Ulshen M H, Grand R J
J Clin Invest. 1979 Oct;64(4):1097-1102. doi: 10.1172/JCI109548.
To identify the site of stimulation of sucrase by a sucrose diet, changes in sucrase-specific activity of jejunal mucosa were studied after introduction of sucrose diet to carbohydrate-deprived rats. Results were correlated with simultaneous changes in villus gradients of sucrase-specific activity. Simultaneous with the introduction of sucrose diet, [(3)H]thymidine (100 muCi) was administered intravenously, and rates of cell migration measured during adaptation to the new diet. After a 72-h fast, rats fed sucrose diet for 6, 12, or 18 h showed no change in sucrase-specific activity in either whole mucosa or villus gradients. However, within 18-24 h after starting a sucrose diet, there was a marked rise in whole mucosal sucrase-specific activity above fasting values (99 +/- 14 vs. 38 +/- 4 muM glucose/min per g protein, P < 0.001) in association with the development of a region of increased activity at the lower villus (154 +/- 22 vs. 60 +/- 9 muM glucose/min per g protein, P < 0.02, but with no change in villus tip activity (56 +/- 5 vs. 46 +/- 8 muM glucose/min per g protein). Similar changes were seen in animals fed 24 h of sucrose diet after a 72-h carbohydratefree diet. Fasted animals fed sucrose diet for 36 h had increased sucrase-specific activity at the villus tip (144 +/- 11 muM glucose/min per g protein) as well as at the lower villus region, and this pattern persisted at 1 wk of sucrose diet. Maximal activity patterns for isomaltase and maltase paralleled those for sucrase, but the villus gradients for lactase were unaffected by sucrose diet. The region of maximal sucrase-specific activity always coincided with or followed the leading edge of radioactivity as determined by liquid scintillation counting. Therefore, sucrose-mediated changes in sucrase activity of the jejunal mucosa in the rat appear to be initiated at the level of the crypt epithelial cell and are expressed after a latent period of 18-24 h during which these cells mature and migrate toward the villus tip.

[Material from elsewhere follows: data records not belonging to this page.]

Lemma subspace_eq (g' : U -> V) :
  (forall u v, g' (u + v) = g' u + g' v) -> (forall a u, g' (a *: u) = a *: g' u) ->
  subspace (fun u => g u = g' u).
Proof.
move=> g'D g'Z; split.
- by rewrite -[0 : U](scale0r 0) gZ g'Z !scale0r.
- by move=> u v eu ev; rewrite gD g'D eu ev.
- by move=> a u eu; rewrite gZ g'Z eu.
Qed.

End Linear.

Variable n : nat.
Implicit Types (G P : 'rV[K]_n -> Prop).

Lemma kspan_ind G P v : subspace P -> (forall x, G x -> P x) -> kspan G v -> P v.
Proof.
move=> HP HG [s [Hs ->]]; apply: subspace_sum => // q qs.
by apply: subspaceZ => //; apply/HG/Hs.
Qed.

Lemma kspan_gen G x : G x -> kspan G x.
Proof.
move=> Gx; exists [:: (1, x)]; split; first by move=> q; rewrite inE => /eqP ->.
by rewrite big_seq1 scale1r.
Qed.

Lemma kspan_subspace G : subspace (kspan G).
Proof.
split.
- by exists [::]; split => //; rewrite big_nil.
- move=> x y [s [Hs ->]] [t [Ht ->]]; exists (s ++ t); split; last by rewrite big_cat.
  by move=> q; rewrite mem_cat => /orP [] ?; [apply: Hs | apply: Ht].
- move=> c x [s [Hs ->]]; exists [seq (c * q.1, q.2) | q <- s]; split.
    by move=> q /mapP [q' q's ->]; exact: Hs q' q's.
  by rewrite big_map scaler_sumr; apply: eq_bigr => q _; rewrite scalerA.
Qed.

Definition tens_span (F : 'rV[K]_n -> Prop) (M : 'M[K]_n) :=
  exists s : seq (K * ('rV[K]_n * 'rV[K]_n)),
    (forall q, q \in s -> F q.2.1 /\ F q.2.2) /\
    M = \sum_(q <- s) q.1 *: tens q.2.1 q.2.2.

Lemma tens_span_subspace F : subspace (tens_span F).
Proof.
split.
- by exists [::]; split => //; rewrite big_nil.
- move=> x y [s [Hs ->]] [t [Ht ->]]; exists (s ++ t); split; last by rewrite big_cat.
  by move=> q; rewrite mem_cat => /orP [] ?; [apply: Hs | apply: Ht].
- move=> c x [s [Hs ->]]; exists [seq (c * q.1, q.2) | q <- s]; split.
    by move=> q /mapP [q' q's ->]; exact: Hs q' q's.
  by rewrite big_map scaler_sumr; apply: eq_bigr => q _; rewrite scalerA.
Qed.

Lemma tens_span_gen F u v : F u -> F v -> tens_span F (tens u v).
Proof.
move=> Fu Fv; exists [:: (1, (u, v))]; split; first by move=> q; rewrite inE => /eqP ->.
by rewrite big_seq1 scale1r.
Qed.

Lemma tens_span_mono F F' M :
  (forall x, F x -> F' x) -> tens_span F M -> tens_span F' M.
Proof.
move=> FF' [s [Hs ->]]; exists s; split => // q qs.
by case: (Hs q qs) => ? ?; split; apply: FF'.
Qed.

End Subspaces.

Section StructureConstants.
Variables (K : fieldType) (n : nat) (h : hopf_data K n).
Implicit Types (x y z : 'rV[K]_n) (c : K) (M N : 'M[K]_n).

Lemma mulvDl x y z : mulv h (x + y) z = mulv h x z + mulv h y z.
Proof.
rewrite /mulv -big_split; apply: eq_bigr => i _; rewrite -big_split.
by apply: eq_bigr => j _; rewrite !mxE mulrDl scalerDl.
Qed.

Lemma mulvDr x y z : mulv h z (x + y) = mulv h z x + mulv h z y.
Proof.
rewrite /mulv -big_split; apply: eq_bigr => i _; rewrite -big_split.
by apply: eq_bigr => j _; rewrite !mxE mulrDr scalerDl.
Qed.

Lemma mulvZl c x z : mulv h (c *: x) z = c *: mulv h x z.
Proof.
rewrite /mulv scaler_sumr; apply: eq_bigr => i _; rewrite scaler_sumr.
by apply: eq_bigr => j _; rewrite !mxE scalerA mulrA.
Qed.

Lemma mulvZr c x z : mulv h z (c *: x) = c *: mulv h z x.
Proof.
rewrite /mulv scaler_sumr; apply: eq_bigr => i _; rewrite scaler_sumr.
by apply: eq_bigr => j _; rewrite !mxE scalerA mulrCA mulrA.
Qed.

Lemma mulv_suml (I : Type) (r : seq I) (F : I -> 'rV[K]_n) z :
  mulv h (\sum_(i <- r) F i) z = \sum_(i <- r) mulv h (F i) z.
Proof.
apply: (big_morph (mulv h^~ z)) => [u v|]; first exact: mulvDl.
by rewrite -[0 : 'rV_n](scale0r 0) mulvZl !scale0r.
Qed.

Lemma mulv_sumr (I : Type) (r : seq I) (F : I -> 'rV[K]_n) z :
  mulv h z (\sum_(i <- r) F i) = \sum_(i <- r) mulv h z (F i).
Proof.
apply: (big_morph (mulv h z)) => [u v|]; first exact: mulvDr.
by rewrite -[0 : 'rV_n](scale0r 0) mulvZr !scale0r.
Qed.

Lemma delvD x y : delv h (x + y) = delv h x + delv h y.
Proof. by rewrite /delv -big_split; apply: eq_bigr => i _; rewrite mxE scalerDl. Qed.

Lemma delvZ c x : delv h (c *: x) = c *: delv h x.
Proof. by rewrite /delv scaler_sumr; apply: eq_bigr => i _; rewrite mxE scalerA. Qed.

Lemma delv0 : delv h 0 = 0.
Proof. by rewrite -[0 : 'rV_n](scale0r 0) delvZ !scale0r. Qed.

Lemma delvE x i j : delv h x i j = \sum_(k < n) x 0 k * hdel h k i j.
Proof. by rewrite /delv summxE; apply: eq_bigr => k _; rewrite mxE. Qed.

Lemma epsvD x y : epsv h (x + y) = epsv h x + epsv h y.
Proof. by rewrite /epsv -big_split; apply: eq_bigr => i _; rewrite mxE mulrDl. Qed.

Lemma epsvZ c x : epsv h (c *: x) = c * epsv h x.
Proof. by rewrite /epsv mulr_sumr; apply: eq_bigr => i _; rewrite mxE mulrA. Qed.

Lemma evE (i k : 'I_n) : ev K i 0 k = (i == k)%:R.
Proof. by rewrite /ev mxE eqxx eq_sym. Qed.

Lemma delv_ev i : delv h (ev K i) = hdel h i.
Proof.
rewrite /delv (bigD1 i) //= big1 ?addr0 ?evE ?eqxx ?scale1r // => k /negbTE ki.
by rewrite evE eq_sym ki scale0r.
Qed.

Lemma epsv_ev i : epsv h (ev K i) = heps h i.
Proof.
rewrite /epsv (bigD1 i) //= big1 ?addr0 ?evE ?eqxx ?mul1r // => k /negbTE ki.
by rewrite evE eq_sym ki mul0r.
Qed.

Lemma delv_expand (V : lmodType K) (Y : 'I_n -> 'I_n -> V) x :
  \sum_(i < n) \sum_(j < n) delv h x i j *: Y i j
  = \sum_(k < n) x 0 k *: (\sum_(i < n) \sum_(j < n) hdel h k i j *: Y i j).
Proof.
transitivity (\sum_(i < n) \sum_(k < n) \sum_(j < n) (x 0 k * hdel h k i j) *: Y i j).
  apply: eq_bigr => i _; rewrite exchange_big /=; apply: eq_bigr => j _.
  by rewrite delvE scaler_suml.
rewrite exchange_big /=; apply: eq_bigr => k _; rewrite scaler_sumr.
apply: eq_bigr => i _; rewrite scaler_sumr; apply: eq_bigr => j _.
by rewrite scalerA.
Qed.

Lemma tensDl x y z : tens (x + y) z = tens x z + tens y z.
Proof. by rewrite /tens linearD mulmxDl. Qed.

Lemma tensDr x y z : tens z (x + y) = tens z x + tens z y.
Proof. by rewrite /tens mulmxDr. Qed.

Lemma tensZl c x z : tens (c *: x) z = c *: tens x z.
Proof. by rewrite /tens linearZ /= scalemxAl. Qed.

Lemma tensZr c x z : tens z (c *: x) = c *: tens z x.
Proof. by rewrite /tens scalemxAr. Qed.

Lemma tensE x y i j : tens x y i j = x 0 i * y 0 j.
Proof. by rewrite /tens !mxE big_ord1 !mxE. Qed.

Lemma tens_suml (I : Type) (r : seq I) (F : I -> 'rV[K]_n) y :
  tens (\sum_(i <- r) F i) y = \sum_(i <- r) tens (F i) y.
Proof. by rewrite /tens linear_sum /= mulmx_suml. Qed.

Lemma tens_sumr (I : Type) (r : seq I) (F : I -> 'rV[K]_n) y :
  tens y (\sum_(i <- r) F i) = \sum_(i <- r) tens y (F i).
Proof. by rewrite /tens mulmx_sumr. Qed.

Lemma tmulDl M N P : tmul h (M + N) P = tmul h M P + tmul h N P.
Proof.
rewrite /tmul -big_split; apply: eq_bigr => a _; rewrite -big_split.
apply: eq_bigr => b _; rewrite -big_split; apply: eq_bigr => c _; rewrite -big_split.
by apply: eq_bigr => d _; rewrite !mxE mulrDl scalerDl.
Qed.

Lemma tmulDr M N P : tmul h P (M + N) = tmul h P M + tmul h P N.
Proof.
rewrite /tmul -big_split; apply: eq_bigr => a _; rewrite -big_split.
apply: eq_bigr => b _; rewrite -big_split; apply: eq_bigr => c _; rewrite -big_split.
by apply: eq_bigr => d _; rewrite !mxE mulrDr scalerDl.
Qed.

Lemma tmulZr k M P : tmul h P (k *: M) = k *: tmul h P M.
Proof.
rewrite /tmul scaler_sumr; apply: eq_bigr => a _; rewrite scaler_sumr.
apply: eq_bigr => b _; rewrite scaler_sumr; apply: eq_bigr => c _; rewrite scaler_sumr.
by apply: eq_bigr => d _; rewrite !mxE scalerA mulrCA mulrA.
Qed.

Lemma tmul_sumr M (I : Type) (r : seq I) (F : I -> 'M[K]_n) :
  tmul h M (\sum_(i <- r) F i) = \sum_(i <- r) tmul h M (F i).
Proof.
apply: (big_morph (tmul h M)) => [N P|]; first exact: tmulDr.
by rewrite -[0 : 'M_n](scale0r 0) tmulZr !scale0r.
Qed.

Lemma tmul_tens (a b c d : 'rV[K]_n) :
  tmul h (tens a b) (tens c d) = tens (mulv h a c) (mulv h b d).
Proof.
rewrite /mulv tens_suml.
transitivity (\sum_(i < n) \sum_(k < n) \sum_(j < n) \sum_(l < n)
   ((a 0 i * c 0 k) * (b 0 j * d 0 l)) *: tens (hmu h i k) (hmu h j l)).
  rewrite /tmul; apply: eq_bigr => i _; rewrite exchange_big /=.
  apply: eq_bigr => k _; apply: eq_bigr => j _; apply: eq_bigr => l _.
  by rewrite !tensE mulrACA.
apply: eq_bigr => i _; rewrite tens_suml; apply: eq_bigr => k _.
rewrite tensZl tens_sumr scaler_sumr; apply: eq_bigr => j _.
rewrite tens_sumr scaler_sumr; apply: eq_bigr => l _.
by rewrite tensZr scalerA.
Qed.

Lemma tmul_tens_span (F G : 'rV[K]_n -> Prop) a b M :
  (forall u, F u -> G (mulv h a u)) -> (forall u, F u -> G (mulv h b u)) ->
  tens_span F M -> tens_span G (tmul h (tens a b) M).
Proof.
move=> Ha Hb [s [Hs ->]]; rewrite tmul_sumr.
apply: subspace_sum; first exact: tens_span_subspace.
move=> q qs; rewrite tmulZr tmul_tens; apply: subspaceZ; first exact: tens_span_subspace.
by case: (Hs q qs) => ? ?; apply: tens_span_gen; [apply: Ha | apply: Hb].
Qed.

Lemma mulv_antv_expand (u v : 'rV[K]_n) :
  mulv h (antv h u) v
  = \sum_(k < n) \sum_(l < n) (u 0 k * v 0 l) *: mulv h (antv h (ev K k)) (ev K l).
Proof.
rewrite {1}(row_sum_delta u) {1}(row_sum_delta v) /antv mulmx_suml mulv_suml.
apply: eq_bigr => k _; rewrite -scalemxAl mulvZl mulv_sumr scaler_sumr.
by apply: eq_bigr => l _; rewrite mulvZr scalerA.
Qed.

Definition primitive t := delv h t = tens t (hone h) + tens (hone h) t.

Definition rdelv x := delv h x - tens x (hone h) - tens (hone h) x.

Lemma rdelvD x y : rdelv (x + y) = rdelv x + rdelv y.
Proof.
rewrite /rdelv delvD tensDl tensDr !opprD !addrA; congr (_ + _); rewrite -!addrA.
by congr (_ + _); rewrite addrC -!addrA; congr (_ + _); rewrite addrC -!addrA.
Qed.

Lemma rdelvZ c x : rdelv (c *: x) = c *: rdelv x.
Proof. by rewrite /rdelv delvZ tensZl tensZr !scalerBr. Qed.

Lemma rdelv_primitive t : primitive t -> rdelv t = 0.
Proof. by rewrite /rdelv => ->; rewrite (addrC (tens t _)) addrK subrr. Qed.

Lemma primitive_rdelv t : rdelv t = 0 -> primitive t.
Proof. by rewrite /rdelv /primitive -addrA -opprD => /eqP; rewrite subr_eq0 => /eqP. Qed.

Lemma rdelv_subspace (F : 'rV[K]_n -> Prop) : subspace (fun x => tens_span F (rdelv x)).
Proof. exact/subspace_preim/tens_span_subspace/rdelvZ/rdelvD. Qed.

End StructureConstants.

Section HopfAxioms.
Variables (K : fieldType) (n : nat) (h : hopf_data K n).
Hypothesis Hh : is_hopf h.
Implicit Types (x y z t : 'rV[K]_n).

Lemma mulvA x y z : mulv h (mulv h x y) z = mulv h x (mulv h y z).
Proof. by case: Hh => [[H _ _ _ _] _]; apply: H. Qed.

Lemma mul1v x : mulv h (hone h) x = x.
Proof. by case: Hh => [[_ _ H _ _] _]; apply: H. Qed.

Lemma mulv1 x : mulv h x (hone h) = x.
Proof. by case: Hh => [[_ C H _ _] _]; rewrite C H. Qed.

Lemma hdel_coassoc k a b c :
  \sum_(i < n) hdel h k i c * hdel h i a b = \sum_(j < n) hdel h k a j * hdel h j b c.
Proof. by case: Hh => [[_ _ _ H _] _]; apply: H. Qed.

Lemma delvM x y : delv h (mulv h x y) = tmul h (delv h x) (delv h y).
Proof. by case: Hh => [_ [_ H _ _ _]]; apply: H. Qed.

Lemma delv1 : delv h (hone h) = tens (hone h) (hone h).
Proof. by case: Hh => [_ [_ _ H _ _]]. Qed.

Lemma epsv1 : epsv h (hone h) = 1.
Proof. by case: Hh => [_ [_ _ _ [_ H] _]]. Qed.

Lemma hone_neq0 : hone h != 0.
Proof.
apply/eqP => h10; have := epsv1; rewrite h10 -[0 : 'rV_n](scale0r 0) epsvZ mul0r.
by move/eqP; rewrite eq_sym oner_eq0.
Qed.

Lemma counit_l (k j : 'I_n) : \sum_(i < n) hdel h k i j * heps h i = (k == j)%:R.
Proof.
case: Hh => [_ [H _ _ _ _]]; rewrite -(H k j).1.
by apply: eq_bigr => i _; rewrite mulrC.
Qed.

Lemma counit_r (k i : 'I_n) : \sum_(j < n) hdel h k i j * heps h j = (k == i)%:R.
Proof.
case: Hh => [_ [H _ _ _ _]]; rewrite -(H k i).2.
by apply: eq_bigr => j _; rewrite mulrC.
Qed.

Lemma antipode_l x :
  \sum_(i < n) \sum_(j < n) delv h x i j *: mulv h (antv h (ev K i)) (ev K j)
  = epsv h x *: hone h.
Proof.
rewrite delv_expand /epsv scaler_suml; apply: eq_bigr => k _.
by case: Hh => [_ [_ _ _ _ H]]; rewrite (H k).1 scalerA.
Qed.

Lemma antipode_r x :
  \sum_(i < n) \sum_(j < n) delv h x i j *: mulv h (ev K i) (antv h (ev K j))
  = epsv h x *: hone h.
Proof.
rewrite delv_expand /epsv scaler_suml; apply: eq_bigr => k _.
by case: Hh => [_ [_ _ _ _ H]]; rewrite (H k).2 scalerA.
Qed.

Lemma rdelv1 : rdelv h (hone h) = - tens (hone h) (hone h).
Proof. by rewrite /rdelv delv1 subrr sub0r. Qed.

为确定蔗糖饮食对蔗糖酶的刺激位点,在给碳水化合物缺乏的大鼠引入蔗糖饮食后,研究了空肠黏膜蔗糖酶比活性的变化。结果与蔗糖酶比活性的绒毛梯度的同时变化相关。在引入蔗糖饮食的同时,静脉注射[(3)H]胸腺嘧啶核苷(100μCi),并在适应新饮食期间测量细胞迁移速率。禁食72小时后,喂食蔗糖饮食6、12或18小时的大鼠,全黏膜或绒毛梯度中的蔗糖酶比活性均无变化。然而,在开始蔗糖饮食后的18 - 24小时内,全黏膜蔗糖酶比活性显著高于禁食值(99±14对38±4μM葡萄糖/分钟每克蛋白质,P<0.001),同时绒毛下部出现活性增加区域(154±22对60±9μM葡萄糖/分钟每克蛋白质,P<0.02),但绒毛顶端活性无变化(56±5对46±8μM葡萄糖/分钟每克蛋白质)。在72小时无碳水化合物饮食后喂食24小时蔗糖饮食的动物中也观察到类似变化。禁食动物喂食蔗糖饮食36小时后,绒毛顶端(144±11μM葡萄糖/分钟每克蛋白质)以及绒毛下部区域的蔗糖酶比活性增加,这种模式在蔗糖饮食1周时持续存在。异麦芽糖酶和麦芽糖酶的最大活性模式与蔗糖酶相似,但乳糖酶的绒毛梯度不受蔗糖饮食影响。通过液体闪烁计数确定,蔗糖酶比活性最高的区域总是与放射性前沿重合或紧随其后。因此,大鼠空肠黏膜蔗糖酶活性的蔗糖介导变化似乎始于隐窝上皮细胞水平,并在18 - 24小时的潜伏期后表现出来,在此期间这些细胞成熟并向绒毛顶端迁移。